To do – Please output exactly the part of the records below that opens with the line containing "Lemma linear_funN x" and closes with the line containing "Proof. by rewrite /form_eval mulmxDr", both lines included, and nothing else.

Stored items –
- - -

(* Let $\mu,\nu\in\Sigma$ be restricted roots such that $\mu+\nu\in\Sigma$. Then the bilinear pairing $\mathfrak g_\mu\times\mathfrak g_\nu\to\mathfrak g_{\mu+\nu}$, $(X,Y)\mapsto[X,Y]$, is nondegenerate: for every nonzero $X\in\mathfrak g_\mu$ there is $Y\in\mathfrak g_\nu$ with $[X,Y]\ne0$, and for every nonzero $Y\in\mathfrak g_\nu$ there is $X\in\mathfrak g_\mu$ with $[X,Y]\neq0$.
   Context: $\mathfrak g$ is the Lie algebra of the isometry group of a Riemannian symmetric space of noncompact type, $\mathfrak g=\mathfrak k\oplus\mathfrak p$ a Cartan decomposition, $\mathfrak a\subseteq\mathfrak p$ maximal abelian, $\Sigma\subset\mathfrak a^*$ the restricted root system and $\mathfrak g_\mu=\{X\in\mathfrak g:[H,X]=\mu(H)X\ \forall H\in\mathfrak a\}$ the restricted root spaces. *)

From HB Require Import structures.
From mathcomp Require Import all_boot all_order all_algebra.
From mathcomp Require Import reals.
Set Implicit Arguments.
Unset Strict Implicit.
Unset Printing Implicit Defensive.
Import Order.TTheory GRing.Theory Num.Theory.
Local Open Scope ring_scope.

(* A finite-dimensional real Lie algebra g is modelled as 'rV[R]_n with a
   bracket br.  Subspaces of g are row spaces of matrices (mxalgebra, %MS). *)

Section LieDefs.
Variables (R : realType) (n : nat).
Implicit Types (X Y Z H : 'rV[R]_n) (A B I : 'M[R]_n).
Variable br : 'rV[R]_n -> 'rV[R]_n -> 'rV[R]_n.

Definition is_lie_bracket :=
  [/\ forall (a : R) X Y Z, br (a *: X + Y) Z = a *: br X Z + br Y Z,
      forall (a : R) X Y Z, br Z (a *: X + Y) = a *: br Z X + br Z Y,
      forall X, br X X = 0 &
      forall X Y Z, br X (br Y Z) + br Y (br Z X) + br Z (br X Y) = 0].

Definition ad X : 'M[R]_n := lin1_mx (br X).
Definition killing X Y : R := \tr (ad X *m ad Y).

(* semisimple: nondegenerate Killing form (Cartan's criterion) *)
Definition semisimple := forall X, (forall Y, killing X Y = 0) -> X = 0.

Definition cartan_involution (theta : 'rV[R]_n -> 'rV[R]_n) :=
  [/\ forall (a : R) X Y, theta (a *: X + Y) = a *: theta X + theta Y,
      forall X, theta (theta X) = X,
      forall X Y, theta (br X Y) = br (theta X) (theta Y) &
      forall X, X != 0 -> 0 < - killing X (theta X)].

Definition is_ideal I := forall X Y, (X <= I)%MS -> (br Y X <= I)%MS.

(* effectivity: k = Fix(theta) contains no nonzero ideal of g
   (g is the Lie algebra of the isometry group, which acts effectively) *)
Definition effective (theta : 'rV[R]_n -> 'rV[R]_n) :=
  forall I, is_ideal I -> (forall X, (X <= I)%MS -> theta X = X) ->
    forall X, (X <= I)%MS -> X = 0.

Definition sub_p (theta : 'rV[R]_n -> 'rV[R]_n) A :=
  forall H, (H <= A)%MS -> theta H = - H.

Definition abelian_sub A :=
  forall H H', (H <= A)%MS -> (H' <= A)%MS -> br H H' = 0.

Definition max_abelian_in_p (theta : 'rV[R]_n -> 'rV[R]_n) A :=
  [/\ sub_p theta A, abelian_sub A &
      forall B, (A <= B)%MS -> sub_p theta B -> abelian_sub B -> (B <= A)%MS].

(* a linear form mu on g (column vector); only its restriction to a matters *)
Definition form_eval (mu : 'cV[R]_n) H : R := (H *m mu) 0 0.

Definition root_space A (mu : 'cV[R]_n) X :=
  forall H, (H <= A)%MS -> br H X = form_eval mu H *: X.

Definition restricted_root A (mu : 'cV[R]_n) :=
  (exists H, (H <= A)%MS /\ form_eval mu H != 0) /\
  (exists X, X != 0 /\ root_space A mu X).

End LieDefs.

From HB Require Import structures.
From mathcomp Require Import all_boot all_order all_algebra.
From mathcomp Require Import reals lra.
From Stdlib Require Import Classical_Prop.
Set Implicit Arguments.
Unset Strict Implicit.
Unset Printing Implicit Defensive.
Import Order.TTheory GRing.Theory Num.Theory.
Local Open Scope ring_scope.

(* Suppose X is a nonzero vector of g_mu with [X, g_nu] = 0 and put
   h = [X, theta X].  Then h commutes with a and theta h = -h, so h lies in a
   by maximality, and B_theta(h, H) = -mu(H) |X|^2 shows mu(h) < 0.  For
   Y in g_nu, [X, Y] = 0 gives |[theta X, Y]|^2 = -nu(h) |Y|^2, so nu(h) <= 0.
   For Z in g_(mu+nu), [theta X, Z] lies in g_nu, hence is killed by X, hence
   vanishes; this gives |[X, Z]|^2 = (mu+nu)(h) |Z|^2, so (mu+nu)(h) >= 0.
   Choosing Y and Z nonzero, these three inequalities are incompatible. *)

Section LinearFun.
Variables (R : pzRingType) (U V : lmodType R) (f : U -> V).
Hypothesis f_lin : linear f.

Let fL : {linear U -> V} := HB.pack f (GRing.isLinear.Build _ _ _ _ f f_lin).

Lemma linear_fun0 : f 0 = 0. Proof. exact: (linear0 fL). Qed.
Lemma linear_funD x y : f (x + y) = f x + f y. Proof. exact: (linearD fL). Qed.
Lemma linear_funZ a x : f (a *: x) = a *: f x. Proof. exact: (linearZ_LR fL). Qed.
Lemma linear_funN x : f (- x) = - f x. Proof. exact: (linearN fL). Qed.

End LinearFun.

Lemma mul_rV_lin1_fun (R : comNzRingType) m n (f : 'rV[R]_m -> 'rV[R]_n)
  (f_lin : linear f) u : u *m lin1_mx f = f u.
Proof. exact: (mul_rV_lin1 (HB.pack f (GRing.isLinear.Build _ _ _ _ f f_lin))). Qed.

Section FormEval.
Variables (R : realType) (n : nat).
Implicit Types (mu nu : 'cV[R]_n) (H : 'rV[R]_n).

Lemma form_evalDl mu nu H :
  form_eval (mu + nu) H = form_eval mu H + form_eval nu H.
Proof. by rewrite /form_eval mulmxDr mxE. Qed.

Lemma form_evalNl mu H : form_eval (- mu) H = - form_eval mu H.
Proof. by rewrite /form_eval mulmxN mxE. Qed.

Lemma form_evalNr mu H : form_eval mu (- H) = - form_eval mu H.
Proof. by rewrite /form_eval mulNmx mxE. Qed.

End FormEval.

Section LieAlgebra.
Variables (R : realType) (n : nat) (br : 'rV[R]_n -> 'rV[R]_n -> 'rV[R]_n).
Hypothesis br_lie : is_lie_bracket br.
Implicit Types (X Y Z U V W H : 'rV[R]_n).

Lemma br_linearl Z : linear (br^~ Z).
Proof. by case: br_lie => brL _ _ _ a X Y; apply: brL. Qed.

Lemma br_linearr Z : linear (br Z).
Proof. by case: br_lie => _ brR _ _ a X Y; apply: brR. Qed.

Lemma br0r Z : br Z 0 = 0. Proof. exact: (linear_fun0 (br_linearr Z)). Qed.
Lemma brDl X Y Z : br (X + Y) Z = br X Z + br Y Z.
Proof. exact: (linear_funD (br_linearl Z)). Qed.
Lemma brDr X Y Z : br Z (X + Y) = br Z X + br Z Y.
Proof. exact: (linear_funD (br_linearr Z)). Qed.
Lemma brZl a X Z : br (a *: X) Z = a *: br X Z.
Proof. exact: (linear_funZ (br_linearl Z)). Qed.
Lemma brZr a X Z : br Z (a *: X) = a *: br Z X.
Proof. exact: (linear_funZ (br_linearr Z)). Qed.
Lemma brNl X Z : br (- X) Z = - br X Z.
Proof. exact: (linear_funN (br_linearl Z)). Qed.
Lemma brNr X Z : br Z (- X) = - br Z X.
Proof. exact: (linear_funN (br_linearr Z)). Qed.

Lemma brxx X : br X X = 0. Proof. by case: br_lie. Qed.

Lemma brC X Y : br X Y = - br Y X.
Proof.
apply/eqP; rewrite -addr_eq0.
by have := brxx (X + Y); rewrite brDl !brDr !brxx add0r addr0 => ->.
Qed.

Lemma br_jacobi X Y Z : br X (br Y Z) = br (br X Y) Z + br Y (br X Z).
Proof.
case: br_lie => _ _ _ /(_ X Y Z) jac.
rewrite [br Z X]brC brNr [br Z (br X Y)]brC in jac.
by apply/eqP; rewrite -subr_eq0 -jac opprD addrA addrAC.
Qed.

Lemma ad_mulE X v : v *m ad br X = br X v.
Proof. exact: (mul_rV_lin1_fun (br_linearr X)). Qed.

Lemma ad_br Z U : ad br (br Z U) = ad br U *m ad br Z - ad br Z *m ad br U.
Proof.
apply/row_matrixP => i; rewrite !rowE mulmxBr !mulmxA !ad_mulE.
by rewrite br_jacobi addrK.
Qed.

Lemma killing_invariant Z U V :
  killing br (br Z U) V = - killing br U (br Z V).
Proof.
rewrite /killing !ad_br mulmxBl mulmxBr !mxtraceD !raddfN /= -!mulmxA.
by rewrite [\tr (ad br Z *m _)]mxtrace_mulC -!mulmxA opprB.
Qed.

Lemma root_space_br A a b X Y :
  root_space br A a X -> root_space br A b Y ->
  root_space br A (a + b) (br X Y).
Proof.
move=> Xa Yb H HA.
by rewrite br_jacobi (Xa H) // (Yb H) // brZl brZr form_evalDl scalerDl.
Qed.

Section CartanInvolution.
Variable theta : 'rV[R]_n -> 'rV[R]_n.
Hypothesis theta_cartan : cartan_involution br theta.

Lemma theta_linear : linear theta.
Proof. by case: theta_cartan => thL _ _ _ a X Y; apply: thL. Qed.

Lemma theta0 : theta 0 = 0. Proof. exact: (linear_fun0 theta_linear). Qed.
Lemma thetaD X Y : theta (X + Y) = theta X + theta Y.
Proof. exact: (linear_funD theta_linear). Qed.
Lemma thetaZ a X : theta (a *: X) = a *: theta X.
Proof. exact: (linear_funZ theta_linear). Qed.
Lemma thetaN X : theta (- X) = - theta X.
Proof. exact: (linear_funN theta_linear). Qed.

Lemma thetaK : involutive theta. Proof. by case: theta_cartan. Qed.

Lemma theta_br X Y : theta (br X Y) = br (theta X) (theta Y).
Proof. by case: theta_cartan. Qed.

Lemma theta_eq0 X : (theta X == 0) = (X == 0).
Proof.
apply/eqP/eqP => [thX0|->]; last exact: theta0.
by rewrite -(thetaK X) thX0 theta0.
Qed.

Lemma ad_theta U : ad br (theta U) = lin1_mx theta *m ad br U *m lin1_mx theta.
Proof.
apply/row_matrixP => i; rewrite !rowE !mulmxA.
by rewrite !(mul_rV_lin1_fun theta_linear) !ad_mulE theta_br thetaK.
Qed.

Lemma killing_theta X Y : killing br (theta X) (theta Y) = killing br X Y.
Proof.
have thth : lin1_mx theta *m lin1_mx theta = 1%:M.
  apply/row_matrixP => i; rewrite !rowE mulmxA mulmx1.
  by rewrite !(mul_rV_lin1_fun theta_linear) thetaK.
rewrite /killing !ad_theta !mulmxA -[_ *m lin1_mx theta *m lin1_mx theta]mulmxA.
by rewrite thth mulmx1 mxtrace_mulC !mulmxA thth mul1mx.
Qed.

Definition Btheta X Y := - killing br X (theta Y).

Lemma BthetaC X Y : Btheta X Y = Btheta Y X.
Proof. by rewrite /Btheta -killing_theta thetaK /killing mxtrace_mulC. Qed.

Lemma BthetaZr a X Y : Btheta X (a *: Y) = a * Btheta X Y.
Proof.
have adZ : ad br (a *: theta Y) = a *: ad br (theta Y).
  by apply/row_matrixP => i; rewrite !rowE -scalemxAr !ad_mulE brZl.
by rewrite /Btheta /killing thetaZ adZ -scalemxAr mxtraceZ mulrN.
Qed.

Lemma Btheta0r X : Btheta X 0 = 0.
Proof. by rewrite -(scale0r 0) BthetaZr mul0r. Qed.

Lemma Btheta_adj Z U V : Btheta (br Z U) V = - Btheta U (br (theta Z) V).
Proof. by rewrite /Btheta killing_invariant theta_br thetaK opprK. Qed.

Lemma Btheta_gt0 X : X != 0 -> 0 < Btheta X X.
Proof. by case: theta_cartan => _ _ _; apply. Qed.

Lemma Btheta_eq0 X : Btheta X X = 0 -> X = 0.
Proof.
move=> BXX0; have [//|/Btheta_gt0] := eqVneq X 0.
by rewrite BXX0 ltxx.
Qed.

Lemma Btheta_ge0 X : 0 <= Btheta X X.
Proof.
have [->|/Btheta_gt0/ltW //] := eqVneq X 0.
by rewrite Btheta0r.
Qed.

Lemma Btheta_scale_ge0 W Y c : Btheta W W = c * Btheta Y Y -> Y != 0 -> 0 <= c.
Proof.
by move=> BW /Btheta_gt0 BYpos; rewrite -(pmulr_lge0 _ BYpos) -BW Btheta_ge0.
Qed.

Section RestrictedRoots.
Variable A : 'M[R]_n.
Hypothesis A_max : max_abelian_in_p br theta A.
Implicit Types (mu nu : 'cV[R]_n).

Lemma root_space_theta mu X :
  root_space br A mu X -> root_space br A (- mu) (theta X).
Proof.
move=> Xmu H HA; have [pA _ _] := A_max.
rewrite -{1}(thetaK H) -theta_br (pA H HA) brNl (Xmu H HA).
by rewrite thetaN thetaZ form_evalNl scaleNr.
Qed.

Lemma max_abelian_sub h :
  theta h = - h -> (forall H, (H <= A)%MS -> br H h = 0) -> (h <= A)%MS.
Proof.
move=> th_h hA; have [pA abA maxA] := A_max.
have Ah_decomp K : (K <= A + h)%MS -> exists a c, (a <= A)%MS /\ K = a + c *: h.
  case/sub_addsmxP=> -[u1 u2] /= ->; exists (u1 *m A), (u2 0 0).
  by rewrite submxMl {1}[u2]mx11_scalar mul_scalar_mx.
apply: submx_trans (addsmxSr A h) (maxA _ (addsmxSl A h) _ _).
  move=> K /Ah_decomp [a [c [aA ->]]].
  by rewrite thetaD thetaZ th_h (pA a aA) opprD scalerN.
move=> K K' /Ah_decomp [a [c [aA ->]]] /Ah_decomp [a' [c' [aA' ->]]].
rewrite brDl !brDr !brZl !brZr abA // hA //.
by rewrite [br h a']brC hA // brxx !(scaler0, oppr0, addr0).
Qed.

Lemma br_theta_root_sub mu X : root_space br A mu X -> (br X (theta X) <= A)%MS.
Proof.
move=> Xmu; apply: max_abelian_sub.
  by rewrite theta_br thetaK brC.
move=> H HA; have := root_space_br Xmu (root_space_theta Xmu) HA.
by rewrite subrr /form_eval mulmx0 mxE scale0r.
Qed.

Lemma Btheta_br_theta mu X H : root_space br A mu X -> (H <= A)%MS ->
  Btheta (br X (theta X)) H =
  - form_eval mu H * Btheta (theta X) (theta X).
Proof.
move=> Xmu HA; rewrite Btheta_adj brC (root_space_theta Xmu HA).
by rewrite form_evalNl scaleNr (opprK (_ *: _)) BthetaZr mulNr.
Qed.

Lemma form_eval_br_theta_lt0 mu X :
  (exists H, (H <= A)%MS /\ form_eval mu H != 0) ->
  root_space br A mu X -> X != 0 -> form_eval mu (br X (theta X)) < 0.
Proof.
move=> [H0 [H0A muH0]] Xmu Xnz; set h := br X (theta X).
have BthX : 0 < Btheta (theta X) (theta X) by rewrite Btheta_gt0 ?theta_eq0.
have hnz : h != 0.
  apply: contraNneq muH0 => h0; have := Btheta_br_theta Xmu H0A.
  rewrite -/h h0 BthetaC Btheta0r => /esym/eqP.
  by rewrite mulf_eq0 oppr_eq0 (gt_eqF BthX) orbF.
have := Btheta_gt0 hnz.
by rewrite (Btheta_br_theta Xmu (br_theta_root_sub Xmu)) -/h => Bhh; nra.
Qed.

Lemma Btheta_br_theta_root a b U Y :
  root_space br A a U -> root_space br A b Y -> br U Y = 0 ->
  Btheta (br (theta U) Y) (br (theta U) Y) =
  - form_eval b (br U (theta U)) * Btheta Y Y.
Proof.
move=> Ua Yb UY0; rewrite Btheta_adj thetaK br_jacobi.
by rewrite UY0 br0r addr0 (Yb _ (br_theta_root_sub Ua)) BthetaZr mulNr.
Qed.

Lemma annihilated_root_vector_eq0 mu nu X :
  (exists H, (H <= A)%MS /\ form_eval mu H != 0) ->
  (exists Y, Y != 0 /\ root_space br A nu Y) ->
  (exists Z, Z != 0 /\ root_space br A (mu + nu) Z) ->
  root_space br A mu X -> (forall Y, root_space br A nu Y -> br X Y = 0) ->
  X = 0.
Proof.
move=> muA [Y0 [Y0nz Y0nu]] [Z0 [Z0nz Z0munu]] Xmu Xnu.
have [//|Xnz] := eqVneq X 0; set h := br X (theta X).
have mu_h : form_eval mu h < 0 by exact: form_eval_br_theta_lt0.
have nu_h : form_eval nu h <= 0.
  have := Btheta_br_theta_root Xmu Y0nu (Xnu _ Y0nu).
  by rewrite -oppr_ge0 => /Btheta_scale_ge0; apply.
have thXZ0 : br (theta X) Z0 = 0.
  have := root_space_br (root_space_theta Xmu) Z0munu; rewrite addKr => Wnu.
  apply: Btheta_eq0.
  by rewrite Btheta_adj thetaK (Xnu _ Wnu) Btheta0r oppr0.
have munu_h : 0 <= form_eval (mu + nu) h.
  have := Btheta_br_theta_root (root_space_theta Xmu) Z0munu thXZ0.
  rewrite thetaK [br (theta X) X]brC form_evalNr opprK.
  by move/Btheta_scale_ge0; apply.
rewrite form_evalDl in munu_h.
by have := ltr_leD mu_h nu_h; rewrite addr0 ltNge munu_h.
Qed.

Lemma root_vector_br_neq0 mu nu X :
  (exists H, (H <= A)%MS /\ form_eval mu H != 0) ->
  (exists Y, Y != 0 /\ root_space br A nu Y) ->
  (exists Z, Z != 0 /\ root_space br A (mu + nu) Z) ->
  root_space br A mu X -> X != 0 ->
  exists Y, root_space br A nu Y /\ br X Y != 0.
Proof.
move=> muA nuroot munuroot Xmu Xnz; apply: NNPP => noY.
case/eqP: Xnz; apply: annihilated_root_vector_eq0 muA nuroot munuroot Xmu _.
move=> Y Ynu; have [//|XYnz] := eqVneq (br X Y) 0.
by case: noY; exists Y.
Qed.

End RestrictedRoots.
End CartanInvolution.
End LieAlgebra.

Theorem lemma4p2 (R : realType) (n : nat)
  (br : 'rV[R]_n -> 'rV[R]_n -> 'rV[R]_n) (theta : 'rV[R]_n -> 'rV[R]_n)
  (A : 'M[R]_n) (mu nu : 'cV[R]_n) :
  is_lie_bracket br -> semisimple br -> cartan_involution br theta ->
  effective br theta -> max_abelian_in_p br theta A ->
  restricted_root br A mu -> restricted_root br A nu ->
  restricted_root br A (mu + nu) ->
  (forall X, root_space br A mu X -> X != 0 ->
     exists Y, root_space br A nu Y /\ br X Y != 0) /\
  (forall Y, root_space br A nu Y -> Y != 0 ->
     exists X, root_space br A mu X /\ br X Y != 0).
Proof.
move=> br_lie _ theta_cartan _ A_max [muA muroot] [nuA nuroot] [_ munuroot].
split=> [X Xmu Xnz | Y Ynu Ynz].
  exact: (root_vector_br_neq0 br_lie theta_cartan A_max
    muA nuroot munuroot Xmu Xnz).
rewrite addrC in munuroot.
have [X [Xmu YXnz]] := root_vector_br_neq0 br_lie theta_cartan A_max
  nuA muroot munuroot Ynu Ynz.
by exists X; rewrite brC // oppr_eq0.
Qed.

- - -

Answer box –
Lemma linear_funN x : f (- x) = - f x. Proof. exact: (linearN fL). Qed.

End LinearFun.

Lemma mul_rV_lin1_fun (R : comNzRingType) m n (f : 'rV[R]_m -> 'rV[R]_n)
  (f_lin : linear f) u : u *m lin1_mx f = f u.
Proof. exact: (mul_rV_lin1 (HB.pack f (GRing.isLinear.Build _ _ _ _ f f_lin))). Qed.

Section FormEval.
Variables (R : realType) (n : nat).
Implicit Types (mu nu : 'cV[R]_n) (H : 'rV[R]_n).

Lemma form_evalDl mu nu H :
  form_eval (mu + nu) H = form_eval mu H + form_eval nu H.
Proof. by rewrite /form_eval mulmxDr mxE. Qed.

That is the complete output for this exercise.